● ASSIGNMENT
Beginning with the first line, copy out each line of the material until the line containing "End BirkhoffJames." has been copied as well.

● SOURCE INFORMATION
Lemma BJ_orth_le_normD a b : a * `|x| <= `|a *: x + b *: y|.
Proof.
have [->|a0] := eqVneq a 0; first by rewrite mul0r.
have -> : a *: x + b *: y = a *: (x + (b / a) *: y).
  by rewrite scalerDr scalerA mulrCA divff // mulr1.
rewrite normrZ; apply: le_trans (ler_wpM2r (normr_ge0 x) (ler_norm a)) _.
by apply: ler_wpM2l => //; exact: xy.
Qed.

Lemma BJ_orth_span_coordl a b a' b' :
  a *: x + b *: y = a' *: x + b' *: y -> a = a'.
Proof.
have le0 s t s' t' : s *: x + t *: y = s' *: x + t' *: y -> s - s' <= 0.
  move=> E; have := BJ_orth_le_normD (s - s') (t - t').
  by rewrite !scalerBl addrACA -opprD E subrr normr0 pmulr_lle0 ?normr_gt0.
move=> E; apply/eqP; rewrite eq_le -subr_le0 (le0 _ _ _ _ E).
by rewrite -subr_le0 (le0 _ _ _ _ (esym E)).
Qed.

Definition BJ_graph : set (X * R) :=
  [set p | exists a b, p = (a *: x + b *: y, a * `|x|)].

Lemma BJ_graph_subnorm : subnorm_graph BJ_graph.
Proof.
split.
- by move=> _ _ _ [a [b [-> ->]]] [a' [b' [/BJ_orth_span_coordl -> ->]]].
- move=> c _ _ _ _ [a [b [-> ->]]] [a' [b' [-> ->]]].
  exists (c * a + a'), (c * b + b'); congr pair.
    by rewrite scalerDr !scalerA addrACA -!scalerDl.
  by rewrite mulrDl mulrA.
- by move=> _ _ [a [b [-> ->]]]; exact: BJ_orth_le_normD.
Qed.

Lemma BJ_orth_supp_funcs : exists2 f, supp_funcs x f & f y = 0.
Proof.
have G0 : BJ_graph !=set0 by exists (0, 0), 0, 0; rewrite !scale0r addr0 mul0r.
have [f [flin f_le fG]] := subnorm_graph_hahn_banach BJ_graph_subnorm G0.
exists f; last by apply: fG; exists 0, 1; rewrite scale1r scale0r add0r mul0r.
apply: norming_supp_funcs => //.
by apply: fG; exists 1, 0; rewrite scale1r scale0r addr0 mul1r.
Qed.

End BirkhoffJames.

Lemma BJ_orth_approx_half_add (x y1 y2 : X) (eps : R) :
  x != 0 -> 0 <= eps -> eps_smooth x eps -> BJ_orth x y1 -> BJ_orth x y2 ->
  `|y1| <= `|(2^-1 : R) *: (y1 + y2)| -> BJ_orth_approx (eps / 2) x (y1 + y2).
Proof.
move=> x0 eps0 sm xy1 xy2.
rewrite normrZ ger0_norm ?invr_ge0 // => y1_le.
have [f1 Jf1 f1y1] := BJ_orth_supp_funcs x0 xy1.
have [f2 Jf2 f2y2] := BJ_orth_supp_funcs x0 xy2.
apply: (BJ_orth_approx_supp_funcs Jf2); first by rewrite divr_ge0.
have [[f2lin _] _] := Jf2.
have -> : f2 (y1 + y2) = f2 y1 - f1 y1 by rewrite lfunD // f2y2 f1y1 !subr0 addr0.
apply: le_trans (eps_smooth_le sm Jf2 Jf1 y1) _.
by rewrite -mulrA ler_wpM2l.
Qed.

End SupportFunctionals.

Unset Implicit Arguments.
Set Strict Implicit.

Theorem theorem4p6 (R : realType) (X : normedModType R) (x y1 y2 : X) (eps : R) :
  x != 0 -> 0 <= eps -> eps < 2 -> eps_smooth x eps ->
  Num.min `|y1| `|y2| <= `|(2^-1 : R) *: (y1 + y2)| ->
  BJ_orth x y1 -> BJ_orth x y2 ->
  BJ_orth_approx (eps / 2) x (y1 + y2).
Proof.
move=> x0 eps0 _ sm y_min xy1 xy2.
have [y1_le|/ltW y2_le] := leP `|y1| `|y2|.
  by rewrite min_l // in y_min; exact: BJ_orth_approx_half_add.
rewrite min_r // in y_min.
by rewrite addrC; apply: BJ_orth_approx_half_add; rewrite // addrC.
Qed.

● COMPLETED EXERCISE
Lemma BJ_orth_le_normD a b : a * `|x| <= `|a *: x + b *: y|.
Proof.
have [->|a0] := eqVneq a 0; first by rewrite mul0r.
have -> : a *: x + b *: y = a *: (x + (b / a) *: y).
  by rewrite scalerDr scalerA mulrCA divff // mulr1.
rewrite normrZ; apply: le_trans (ler_wpM2r (normr_ge0 x) (ler_norm a)) _.
by apply: ler_wpM2l => //; exact: xy.
Qed.

Lemma BJ_orth_span_coordl a b a' b' :
  a *: x + b *: y = a' *: x + b' *: y -> a = a'.
Proof.
have le0 s t s' t' : s *: x + t *: y = s' *: x + t' *: y -> s - s' <= 0.
  move=> E; have := BJ_orth_le_normD (s - s') (t - t').
  by rewrite !scalerBl addrACA -opprD E subrr normr0 pmulr_lle0 ?normr_gt0.
move=> E; apply/eqP; rewrite eq_le -subr_le0 (le0 _ _ _ _ E).
by rewrite -subr_le0 (le0 _ _ _ _ (esym E)).
Qed.

Definition BJ_graph : set (X * R) :=
  [set p | exists a b, p = (a *: x + b *: y, a * `|x|)].

Lemma BJ_graph_subnorm : subnorm_graph BJ_graph.
Proof.
split.
- by move=> _ _ _ [a [b [-> ->]]] [a' [b' [/BJ_orth_span_coordl -> ->]]].
- move=> c _ _ _ _ [a [b [-> ->]]] [a' [b' [-> ->]]].
  exists (c * a + a'), (c * b + b'); congr pair.
    by rewrite scalerDr !scalerA addrACA -!scalerDl.
  by rewrite mulrDl mulrA.
- by move=> _ _ [a [b [-> ->]]]; exact: BJ_orth_le_normD.
Qed.

Lemma BJ_orth_supp_funcs : exists2 f, supp_funcs x f & f y = 0.
Proof.
have G0 : BJ_graph !=set0 by exists (0, 0), 0, 0; rewrite !scale0r addr0 mul0r.
have [f [flin f_le fG]] := subnorm_graph_hahn_banach BJ_graph_subnorm G0.
exists f; last by apply: fG; exists 0, 1; rewrite scale1r scale0r add0r mul0r.
apply: norming_supp_funcs => //.
by apply: fG; exists 1, 0; rewrite scale1r scale0r addr0 mul1r.
Qed.

End BirkhoffJames.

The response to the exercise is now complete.